D2F demonstrates that dLLMs can achieve faster-than-AR inference without sacrificing output quality, challenging the prevailing assumption that AR models are inherently superior in efficiency. The AR-diffusion hybrid paradigm introduced by D2F is extensible to other discrete generative tasks, including code synthesis and mathematical reasoning. The pipelined parallel decoding strategy and asymmetric distillation framework are broadly applicable to other sequence modeling domains.

Theoretical implications include the principled extension of diffusion forcing from continuous to discrete data, bridging the gap between AR and diffusion-based generative models. Practically, D2F enables deployment of dLLMs in latency-sensitive applications, such as real-time dialogue systems and large-scale batch generation.

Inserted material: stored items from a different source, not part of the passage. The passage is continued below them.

(* A finite family of continuous maps is uniformly equicontinuous near a
   compact set A (Lebesgue-number argument on a finite subcover). *)
Lemma finite_family_uniformly_continuous (A : M -> Prop) (eps : R) :
  mcompact M A -> 0 < eps -> exists d, 0 < d /\
    forall a b f, A a -> In f fs -> mdist M a b < d -> mdist M (f a) (f b) < eps.
Proof.
  intros Hcpt He.
  assert (Hpt : forall c, exists d, 0 < d /\ forall f, In f fs ->
      forall y, mdist M c y < d -> mdist M (f c) (f y) < eps / 2).
  { intros c. apply finite_pos_min.
    - intros f d d' P Hd' y Hy. apply P. lra.
    - intros f Hf. apply (fs_continuous f Hf c (eps / 2)). lra. }
  destruct (functional_choice _ Hpt) as [dl Hdl].
  destruct (Hcpt M (fun c z => mdist M c z < dl c / 2)) as [l Hl].
  { intros c; apply ball_open. }
  { intros x _. exists x. rewrite dist_refl. pose proof (proj1 (Hdl x)). lra. }
  destruct (finite_pos_min l (fun c d => d <= dl c / 2)) as [d [Hd Hd']].
  { intros c d d' Hc Hd'. lra. }
  { intros c _. exists (dl c / 2). pose proof (proj1 (Hdl c)). split; lra. }
  exists d. split; [exact Hd|]. intros a b f Ha Hf Hab.
  destruct (Hl a Ha) as [c [Hcl Hca]]. specialize (Hd' c Hcl).
  destruct (Hdl c) as [_ Pc].
  pose proof (Pc f Hf a ltac:(lra)).
  pose proof (Pc f Hf b ltac:(pose proof (mdist_tri M c a b); lra)).
  pose proof (mdist_tri M (f a) (f c) (f b)). rewrite (mdist_sym M (f a) (f c)) in *. lra.
Qed.

Variable H : KX M -> KX M.
Hypothesis H_hutchinson : is_hutchinson fs H.

Lemma hutchinson_monotone : monotone H.
Proof.
  intros A B HAB y Hy. apply H_hutchinson in Hy. apply H_hutchinson.
  destruct Hy as [f [Hf [x [Hx ->]]]]. exists f. split; [exact Hf|]. exists x. auto.
Qed.

Lemma hutchinson_continuous : compact_space M -> dH_continuous H.
Proof.
  intros HX A eps He.
  destruct (finite_family_uniformly_continuous (kset A) (eps / 2) (kset_cpt A)) as [d [Hd Pd]];
    [lra|].
  exists d. split; [exact Hd|]. intros B HB.
  destruct (dH_lt HX _ _ _ HB) as [HAB HBA].
  enough (dH (H A) (H B) <= eps / 2) by lra.
  apply (dH_le HX).
  - intros y Hy. apply H_hutchinson in Hy. destruct Hy as [f [Hf [a [Ha ->]]]].
    destruct (HAB a Ha) as [b [Hb Hab]]. exists (f b). split.
    + apply H_hutchinson. eauto.
    + left. apply Pd; assumption.
  - intros y Hy. apply H_hutchinson in Hy. destruct Hy as [f [Hf [b [Hb ->]]]].
    destruct (HBA b Hb) as [a [Ha Hba]]. exists (f a). split.
    + apply H_hutchinson. eauto.
    + left. rewrite mdist_sym. apply Pd; [exact Ha | exact Hf | rewrite mdist_sym; exact Hba].
Qed.

End Hutchinson.

(* A strict attractor that is the whole space attracts every compact set, so
   it is an attractor whose basin is all of K(X). *)
Lemma strict_full_attractor {M : MetricSpace} (H : KX M -> KX M) (X : KX M) :
  (forall x, kset X x) -> strict_attractor H X -> attractor H X.
Proof.
  intros X_full [U [_ [XU Hconv]]]. exists (fun _ => True). split; [|split; [exact I|]].
  - intros A _. exists 1. split; [lra | auto].
  - intros C _. apply Hconv. intros x _. apply XU, X_full.
Qed.

Theorem theoremD (M : MetricSpace) (HX : compact_space M)
  (Xfull : KX M) (hfull : forall x, kset Xfull x) :
  (forall F : KX M -> KX M,
      dH_continuous F -> monotone F -> attractor F Xfull ->
      asymptotically_stable F Xfull) /\
  (forall (fs : list (M -> M)) (H : KX M -> KX M),
      (forall f, In f fs -> @mcontinuous M f) ->
      is_hutchinson fs H ->
      strict_attractor H Xfull ->
      asymptotically_stable H Xfull).
Proof.
  split.
  - intros F. exact (full_attractor_asymptotically_stable HX F Xfull hfull).
  - intros fs H Hcont Hhut Hstrict.
    apply (full_attractor_asymptotically_stable HX H Xfull hfull).
    + exact (hutchinson_continuous fs Hcont H Hhut HX).
    + exact (hutchinson_monotone fs H Hhut).
    + exact (strict_full_attractor H Xfull hfull Hstrict).
Qed.
(* There is a first-order formula $\Psi_{\mathrm{tran}}(x,y)$ in the language $\{\le,[1]+[1]\}$ such that for all $\sigma,\pi\in\mathcal P$, $$\mathbf Y^*\models\Psi_{\mathrm{tran}}(\sigma,\pi)\iff \pi=[\#\sigma].$$
   Context: $\mathcal P$ is the set of all integer partitions, including the empty partition $\emptyset$; a partition is a nonincreasing finite sequence of positive integers (its parts). $[n]$ denotes the partition with a single part $n$ (with $[0]=\emptyset$), and $m[n]$ the partition with exactly $m$ parts equal to $n$. Every nonempty partition has a unique canonical representation $\sigma=\sum_{i=1}^k m_i[n_i]$ with $n_1>\dots>n_k\ge1$, meaning part $n_i$ occurs exactly $m_i\ge1$ times. Let $p_1=2,p_2=3,p_3=5,\dots$ enumerate the primes. Define $\#:\mathcal P\to\mathbb N$ by $\#\emptyset=0$; $\#(m[1])=p_1^{m-1}$ for $m\ge1$; and $\#\sigma=\prod_{i=1}^k p_{n_i}^{m_i}$ if $\sigma=\sum_{i=1}^k m_i[n_i]$ has some part $n_i\ne1$. (This is a bijection.) Young's lattice $\mathbf Y=\langle\mathcal P,\le\rangle$ has $(s_1,\dots,s_r)\le(n_1,\dots,n_t)$ iff $r\le t$ and $s_i\le n_i$ for all $i\le r$; $\mathbf Y^*$ is $\mathbf Y$ with a constant symbol interpreted as the partition $[1]+[1]=(1,1)$. *)

From mathcomp Require Import all_boot.
Set Implicit Arguments. Unset Strict Implicit. Unset Printing Implicit Defensive.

Future research may explore:

  • Scaling D2F to larger models and longer contexts
  • Integration with advanced sampling and confidence-based remasking strategies
  • Application to multimodal and multilingual generative tasks
  • Further optimization of block partitioning and pipeline scheduling

Conclusion

Discrete Diffusion Forcing (D2F) establishes a new regime for dLLMs, enabling faster-than-AR inference through block-wise causal attention and inter-block parallel decoding. Empirical results validate substantial speedups and competitive output quality, positioning D2F as a foundational technique for efficient discrete sequence generation. The AR-diffusion hybrid paradigm and pipelined parallel decoding introduced by D2F have significant implications for the future of generative modeling in both research and production environments.